Schools of all types appear in Dickens’s works, and reflect the different types of schools in Victorian England. There is the Squeers’s boarding school in Nicholas Nickleby, where the students are essentially treated as slaves, their education consisting of learning to misspell the word “window” (as “winder”), and then performing the very “useful” task of having to clean all the windows in the school; Biddy’s school in Great Expectations, where Pip learns to read and write, is a more humane country school unaffected by educational theories; and, in the same novel is Mr. Pocket’s school, which educates Pip just enough to behave like a gentleman and fit into upper-class society. However, in Hard Times, Dickens is primarily concerned with the industrialization of education, as seen in the philosophy of Thomas Gradgrind, the school’s owner; M’Choakumchild, the teacher; and Bounderby, the unscrupulous industrialist.

Hard Times clearly satirizes the Benthamite philosophy of “usefulness” in Gradgrind’s relentless emphasis on the “facts” over all else. Furthermore, Gradgrind’s (and Bentham’s) connection with the ideas of laissez-faire economists and theorists is underlined by the names of Gradgrind’s children: Adam Smith Gradgrind, and Malthus Gradgrind. Less evident, but I believe more important, is the parallel between Dickens’s character Louisa, Gradgrind’s daughter, and the philosopher John Stuart Mill, Bentham’s godson.

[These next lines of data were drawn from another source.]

(* Let $\mathfrak g$ be a finite-dimensional simple complex Lie algebra with root lattice $Q$ and weight lattice $\Lambda$. Then: (a) if $\mathfrak g$ is of type $A_{2k}$ ($k\ge1$) or $E_6$, then $Q\cap2\Lambda=2Q$ and $2Q\ne2\Lambda$; (b) if $\mathfrak g$ is of type $A_1$, $B_n$, $C_n$, $D_{2k+2}$ or $E_7$, then $Q\cap2\Lambda=2\Lambda$ and $2\Lambda\ne2Q$; (c) if $\mathfrak g$ is of type $E_8$, $F_4$ or $G_2$, then $Q\cap2\Lambda=2\Lambda=2Q$; (d) if $\mathfrak g$ is of type $A_{2k+1}$ or $D_{2k+3}$ with $k\ge1$, then $Q\cap2\Lambda=2Q+\mathbb Z\alpha^\diamond$ and $2Q+\mathbb Z\alpha^\diamond\ne2\Lambda$. Moreover, if $\mathfrak g$ is of type $D_n$ with $n$ odd, then $2Q+\mathbb Z\alpha^\diamond=4\mathbb Z\lambda_{n-1}+4\mathbb Z\lambda_n+\mathbb Z\alpha^\diamond+\sum_{i=1}^{n-2}2\mathbb Z\lambda_i$.
   Context: Simple roots $\alpha_1,\dots,\alpha_n$ and fundamental weights $\lambda_1,\dots,\lambda_n$ are labelled by the Dynkin diagrams: $A_n$: chain $1-2-\cdots-n$; $D_n$: chain $1-2-\cdots-(n-2)$ with nodes $n-1$ and $n$ both attached to node $n-2$. $Q=\bigoplus_i\mathbb Z\alpha_i$, $\Lambda=\bigoplus_i\mathbb Z\lambda_i$. Define $\alpha^\diamond=\sum_{i\text{ odd}}\alpha_i$ if $\mathfrak g$ is of type $A_n$, and $\alpha^\diamond=\alpha_{n-1}+\alpha_n$ if $\mathfrak g$ is of type $D_n$. *)

(* Root and weight lattices of a simple Lie algebra, described
   in the basis of fundamental weights: Lambda = Z^n = (+)_i Z lambda_i and
   alpha_i = sum_j <alpha_i, alpha_j^vee> lambda_j (rows of the Cartan matrix). *)
From mathcomp Require Import all_boot all_order all_algebra.
Set Implicit Arguments. Unset Strict Implicit. Unset Printing Implicit Defensive.
Import Order.TTheory GRing.Theory Num.Theory.
Local Open Scope ring_scope.

Inductive dynkin := TA | TB | TC | TD | TE | TF | TG.

(* Directed edge i -> j (i < j) of the Dynkin diagram, 1-based Bourbaki labels. *)
Definition link (t : dynkin) (n i j : nat) : bool :=
  match t with
  | TA | TB | TC | TF | TG => (j == i.+1) && (1 <= i)%N && (j <= n)%N
  | TD => ((j == i.+1) && (1 <= i)%N && (j <= n.-1)%N) || ((i == n - 2)%N && (j == n))
  | TE => ((i == 1%N) && (j == 3%N)) || ((i == 2%N) && (j == 4%N))
          || ((j == i.+1) && (3 <= i)%N && (j <= n)%N)
  end.

Definition adj (t : dynkin) (n i j : nat) : bool := link t n i j || link t n j i.

(* squared length of alpha_i (short roots have length 1) *)
Definition len (t : dynkin) (n i : nat) : nat :=
  match t with
  | TA | TD | TE => 1
  | TB => if i == n then 1 else 2
  | TC => if i == n then 2 else 1
  | TF => if (i <= 2)%N then 2 else 1
  | TG => if i == 2%N then 3 else 1
  end.

(* cartan t n i j = <alpha_i, alpha_j^vee> = 2 (alpha_i,alpha_j)/(alpha_j,alpha_j),
   the coefficient of lambda_j in alpha_i *)
Definition cartan (t : dynkin) (n i j : nat) : int :=
  if i == j then 2
  else if adj t n i j then - ((maxn (len t n i %/ len t n j) 1)%N%:Z)
  else 0.

(* fundamental weight lambda_i and simple root alpha_i (1-based i) in 'rV[int]_n *)
Definition lambda (n i : nat) : 'rV[int]_n := \row_(j < n) ((j.+1 == i)%:R).
Definition alpha (t : dynkin) (n i : nat) : 'rV[int]_n := \row_(j < n) cartan t n i j.+1.

Definition lat n := 'rV[int]_n -> Prop.

Definition zspan n (I : finType) (g : I -> 'rV[int]_n) : lat n :=
  fun v => exists c : I -> int, v = \sum_(i : I) g i *~ c i.

Definition Zmul n (a : 'rV[int]_n) : lat n := zspan (fun _ : 'I_1 => a).
Definition latI n (S T : lat n) : lat n := fun v => S v /\ T v.
Definition latD n (S T : lat n) : lat n := fun v => exists s t, S s /\ T t /\ v = s + t.
Definition lat2 n (S : lat n) : lat n := fun v => exists w, S w /\ v = w *+ 2.
Definition lat_eq n (S T : lat n) : Prop := forall v, S v <-> T v.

Both are brought up almost as test cases for their father’s philosophies: Mill is educated at home according to his father’s Benthamite beliefs, and Louisa is tutored in Gradgrind’s utilitarian school. Similarly, both react violently against their parents’ philosophies, suffering psychological crises for the same reason: their educations have stifled emotion and imagination. Although the circumstances are slightly different, both Louisa and Mill experience their profound change of heart in their early twenties, and their rejection of utilitarianism is directly associated with its inability to help them comprehend strong emotions and feelings, especially in their closest personal relations. Louisa would certainly agree with Mill’s assessment of Bentham’s philosophy; as Mill says in his essay Bentham, Bentham estimated “personal affection…as the very weakest and most unsteady of all feelings,” and never understood “sympathetic connexions of an intimate kind.”28 Mill’s analysis of Bentham is echoed by Louisa’s desperate rhetorical question to her father about her own emotional shortcomings: “What are my heart’s experiences?”29 While Dickens reveals the problems caused by Benthamite education in the personal lives of his characters, the novel also exposes the way this utilitarian education serves the whole system of industrial production in Victorian England. Dickens specifically satirizes the smug confidence of Gradgrind and Bounderby that the type of education provided in Coketown affords pleasure for all. Coketown, Dickens’s archetypal industrialist city, actually shows, as George Bernard Shaw succinctly states in his 1912 essay on Hard Times, a very different and grim reality:

Coketown, which you can see to-day for yourself in all its grime in the Potteries (the real name of it is Hanley…), is not…a patch of slum in a fine city….Coketown is the whole place; and its rich manufacturers are proud of its dirt, and declare that they like to see the sun blacked out with smoke, because it means that the furnaces are busy and money is being made; whilst its poor factory hands have never known any other sort of town, and are as content with it as a rat is with a hole.30

The perversion of utilitarianism is clearly evident here in Shaw’s description of the ignorant happiness of the deprived workers, and the dominance and pride of the “rich manufacturers” in what they have accomplished. The factory hands and clerks could never hope to surmount their conditions, since their education, imposed upon them by men like Gradgrind, gives them no other choice than to work as laborers in Coketown. M’Choakumchild, the schoolteacher, is dedicated to replicating the education that has recently been inflicted on him through the government-approved syllabus required in teacher training colleges: “He and some one hundred and forty schoolmasters had been lately turned out at the same time, in the same factory, on the same principles, like so many pianoforte legs.”31 Like Gradgrind, M’Choakumchild misinterprets and perverts the principles of utilitarianism and Chrestomathia, and is determined to separate each student from his/her imagination, or fancy, by filling them to the brim with facts and statistics. M’Choakumchild pictures the students as pitchers waiting to be filled; as he looks at the rows of children, the schoolteacher sees his pupils as “little vessels then and there arranged in order, ready to have imperial gallons of facts poured into them until they were filled to the brim…”32 The wording of this metaphor is strikingly similar to Bentham’s proposal to fill the “mental vacuity” of the children attending his school. Moreover, Gradgrind’s school feeds directly into Bounderby’s bank, factory, and even into his home: Dickens portrays this process of moving students along the assembly line of education into manufacturing as inexorable, unyielding, and inevitable as time.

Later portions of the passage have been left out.